▸ **Directions**: Set down, exactly as written, every line from the one containing "apply: le_trans (rk_expect_sqdist_le" through the end of the listing.

▸ **Listed entries**:
Let AXA : At *m X *m At = At. Proof. by case: (pinvP At). Qed.
Let XAX : X *m At *m X = X. Proof. by case: (pinvP At). Qed.
Let AX_sym : (At *m X)^T = At *m X. Proof. by case: (pinvP At). Qed.
Let P_sym : P^T = P. Proof. by case: (pinvP At). Qed.
Let AX_idem : At *m X *m (At *m X) = At *m X. Proof. by rewrite mulmxA AXA. Qed.
Let P_idem : P *m P = P. Proof. by rewrite mulmxA XAX. Qed.
Let M_sym : M^T = M. Proof. by rewrite trmx_mul trmxK. Qed.
Let PM : P *m M = M.
Proof. by rewrite mulmxA -{1}P_sym -trmx_mul mulmxA AXA. Qed.

Lemma specnorm_pinv_gt0 : 0 < L.
Proof. by apply: specnorm_gt0; apply: contraNneq At0 => X0; rewrite -AXA X0 mulmx0 mul0mx. Qed.

Lemma pinv_range_bound e : P *m e = e -> vdot e e <= L ^+ 2 * vdot (At *m e) (At *m e).
Proof. by move=> Pe; have := vdot_mulmx_le X (At *m e); rewrite mulmxA Pe. Qed.

Lemma pinv_trmx_range_bound y :
  L^-1 ^+ 2 * vnorm (At^T *m y) ^+ 2 <= vnorm (At *m (At^T *m y)) ^+ 2.
Proof.
have Pe : P *m (At^T *m y) = At^T *m y.
  by rewrite mulmxA -{1}P_sym -trmx_mul mulmxA AXA.
rewrite !sqr_vnorm exprVn mulrC ler_pdivrMr ?exprn_gt0 ?specnorm_pinv_gt0 // mulrC.
exact: pinv_range_bound.
Qed.

Lemma pinv_eigenvalue_lb s : 0 < s -> eigenvalue M (s ^+ 2) -> L^-1 <= s.
Proof.
move=> s_gt0 /(sym_eigenvalueP _ M_sym) [e Me e0].
have Pe : P *m e = e.
  have -> : e = (s ^+ 2)^-1 *: (M *m e) by rewrite Me scalerA mulVf ?scale1r ?expf_neq0 ?gt_eqF.
  by rewrite -scalemxAr mulmxA PM.
have := pinv_range_bound Pe; rewrite -vdot_gram Me vdotZr mulrA.
have Ls_ge0 : 0 <= L * s := mulr_ge0 (specnorm_ge0 _) (ltW s_gt0).
rewrite -{1}[vdot e e]mul1r ler_pM2r ?vdotvv_gt0 // -exprMn -[1](expr1n _ 2).
rewrite ler_sqr ?nnegrE // => Ls1.
by rewrite -[L^-1]mulr1 ler_pdivrMl ?specnorm_pinv_gt0.
Qed.

Let c := L^-1 ^+ 2.
Let N : 'M[R]_n := M - c *: P + (1%:M - P).

Let c_gt0 : 0 < c. Proof. by rewrite exprn_gt0 ?invr_gt0 ?specnorm_pinv_gt0. Qed.

Let cL : c * L ^+ 2 = 1.
Proof. by rewrite /c exprVn mulVf ?expf_neq0 ?gt_eqF ?specnorm_pinv_gt0. Qed.

Let N_sym : N^T = N.
Proof. by rewrite /N !linearD /= !linearN /= linearZ /= trmx1 P_sym M_sym. Qed.

Let vdotN v : vdot v (N *m v) =
  vdot (At *m v) (At *m v) - c * vdot (P *m v) (P *m v) + (vdot v v - vdot (P *m v) (P *m v)).
Proof.
rewrite /N !mulmxDl !mulNmx -scalemxAl mul1mx !vdotDr !vdotNr vdotZr.
by rewrite vdot_gram (proj_vdot P_sym P_idem).
Qed.

Let N_psd v : 0 <= vdot v (N *m v).
Proof.
rewrite vdotN addr_ge0 ?subr_ge0 ?proj_vdot_le //.
have /pinv_range_bound : P *m (P *m v) = P *m v by rewrite mulmxA P_idem.
rewrite !mulmxA AXA => PvAv.
by apply: le_trans (ler_wpM2l (ltW c_gt0) PvAv) _; rewrite mulrA cL mul1r.
Qed.

Let N_ker (v : 'cV[R]_n) : N *m v = 0 -> M *m v = c *: v.
Proof.
move=> Nv0.
have PN : P *m N = M - c *: P.
  by rewrite /N !mulmxDr !mulmxN -scalemxAr PM P_idem mulmx1 subrr addr0.
have Mv : M *m v = c *: (P *m v).
  apply/eqP; rewrite -subr_eq0 scalemxAl -mulmxBl -PN.
  by rewrite -[P *m N *m v]mulmxA Nv0 mulmx0.
move: Nv0; rewrite /N !mulmxDl !mulNmx -scalemxAl mul1mx Mv subrr add0r.
by move/eqP; rewrite subr_eq0 => /eqP <-.
Qed.

Lemma pinv_eigenvalue : eigenvalue M (L^-1 ^+ 2).
Proof.
apply/(sym_eigenvalueP _ M_sym); have [Nunit|Nsing] := boolP (N \in unitmx); last first.
  have /det0P [w w0 wN] : \det N == 0 by move: Nsing; rewrite unitmxE unitfE negbK.
  exists w^T; last by rewrite trmx_eq0.
  by apply: N_ker; rewrite -N_sym -trmx_mul wN trmx0.
have [d d_gt0 Nd] := psd_unitmx_coercive N_sym N_psd Nunit.
have cd_gt0 : 0 < c + d by rewrite addr_gt0.
have X_bound w : vdot (X *m w) (X *m w) <= (c + d)^-1 * vdot w w.
  set e := X *m w; have Pe : P *m e = e by rewrite /e mulmxA XAX.
  have AXw : vdot (At *m e) (At *m e) <= vdot w w.
    by rewrite /e mulmxA (proj_vdot_le AX_sym AX_idem).
  have := Nd e; rewrite vdotN Pe subrr addr0 => eNe.
  by rewrite mulrC ler_pdivlMr // mulrDr; lra.
have cdV_ge0 : 0 <= (c + d)^-1 by rewrite invr_ge0; exact: ltW.
have := sqr_specnorm_le X_bound cdV_ge0.
rewrite -[(c + d)^-1]mulr1 ler_pdivlMl // mulrDl cL.
have := mulr_gt0 d_gt0 (exprn_gt0 2 specnorm_pinv_gt0); lra.
Qed.

Lemma sigma_min_pinv : sigma_min At = L^-1.
Proof.
have L_in : 0 < L^-1 /\ eigenvalue M (L^-1 ^+ 2).
  by split; [rewrite invr_gt0 specnorm_pinv_gt0 | exact: pinv_eigenvalue].
apply/eqP; rewrite eq_le; apply/andP; split.
  by apply: ge_inf L_in; exists 0 => s [s_gt0 _]; exact: ltW.
apply: lb_le_inf; first by exists L^-1.
by move=> s [s_gt0 /(pinv_eigenvalue_lb s_gt0)].
Qed.

End PseudoinverseSpectrum.

Unset Implicit Arguments.

Theorem corollary3p4 (R : realType) (m n : nat)
  (A : 'M[R]_(m, n)) (E : 'M[R]_m) (F : 'M[R]_n) (b eps : 'cV[R]_m)
  (x0 : 'cV[R]_n) :
  (1%:M + E) \in unitmx ->
  (1%:M + F) \in unitmx ->
  let At := (1%:M + E) *m A *m (1%:M + F) in
  let dA := E *m A + A *m F + E *m A *m F in
  let bt := b + eps in
  (forall i : 'I_m, row i At != 0) ->
  (exists x : 'cV[R]_n, A *m x = b) ->
  let xLS := pinv A *m b in
  (exists y : 'cV[R]_m, x0 - xLS = At^T *m y) ->
  let Rt := (specnorm (pinv At)) ^+ 2 * (frob At) ^+ 2 in
  forall k : nat,
    rk_expect_sqdist At bt x0 xLS k <=
      (1 - Rt^-1) ^+ k * (vnorm (x0 - xLS)) ^+ 2
      + (vnorm (dA *m xLS - eps)) ^+ 2 / (sigma_min At) ^+ 2.
Proof.
move=> _ _ At dA bt rows0 [x Ax] xLS [y exy] Rt k.
have [At0|At0] := eqVneq At 0.
  have e0 : vnorm (x0 - xLS) = 0 by rewrite exy At0 trmx0 mul0mx !vnormE vdot0l sqrtr0.
  rewrite e0 expr0n mulr0 add0r; case: k => [|k].
    by rewrite rk_expect_sqdist0 e0 expr0n divr_ge0 ?sqr_ge0.
  rewrite rk_expect_sqdistS big1 ?divr_ge0 ?sqr_ge0 // => i _.
  by move: (rows0 i); rewrite At0 row0 eqxx.
set L := specnorm (pinv At); set c := L^-1 ^+ 2.
have c_gt0 : 0 < c by rewrite exprn_gt0 // invr_gt0 specnorm_pinv_gt0.
have c_range := pinv_trmx_range_bound At0.
have q_ge0 := rk_rate_ge0 At0 c_range.
apply: le_trans (rk_expect_sqdist_le bt rows0 At0 c_gt0 c_range k exy) _.
have rate : 1 - c / frob At ^+ 2 = 1 - Rt^-1.
  by rewrite /Rt (invfM (L ^+ 2)) /c exprVn.
rewrite rate in q_ge0 *; rewrite lerD2l.
have Ab : A *m xLS = b by rewrite /xLS -Ax !mulmxA; case: (pinvP A) => ->.
have AtE : At = A + dA.
  by rewrite /At /dA !mulmxDl !mulmxDr !mul1mx !mulmx1 -!addrA; congr (_ + _); rewrite addrCA.
have -> : bt - At *m xLS = - (dA *m xLS - eps).
  by rewrite AtE mulmxDl Ab /bt opprB opprD addrACA subrr add0r.
rewrite vnormN sigma_min_pinv // -/L -/c.
apply: ler_wpM2r; first by rewrite invr_ge0; exact: ltW.
by rewrite ler_piMr ?sqr_ge0 // gerBl exprn_ge0.
Qed.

▸ **Expected output**:
apply: le_trans (rk_expect_sqdist_le bt rows0 At0 c_gt0 c_range k exy) _.
have rate : 1 - c / frob At ^+ 2 = 1 - Rt^-1.
  by rewrite /Rt (invfM (L ^+ 2)) /c exprVn.
rewrite rate in q_ge0 *; rewrite lerD2l.
have Ab : A *m xLS = b by rewrite /xLS -Ax !mulmxA; case: (pinvP A) => ->.
have AtE : At = A + dA.
  by rewrite /At /dA !mulmxDl !mulmxDr !mul1mx !mulmx1 -!addrA; congr (_ + _); rewrite addrCA.
have -> : bt - At *m xLS = - (dA *m xLS - eps).
  by rewrite AtE mulmxDl Ab /bt opprB opprD addrACA subrr add0r.
rewrite vnormN sigma_min_pinv // -/L -/c.
apply: ler_wpM2r; first by rewrite invr_ge0; exact: ltW.
by rewrite ler_piMr ?sqr_ge0 // gerBl exprn_ge0.
Qed.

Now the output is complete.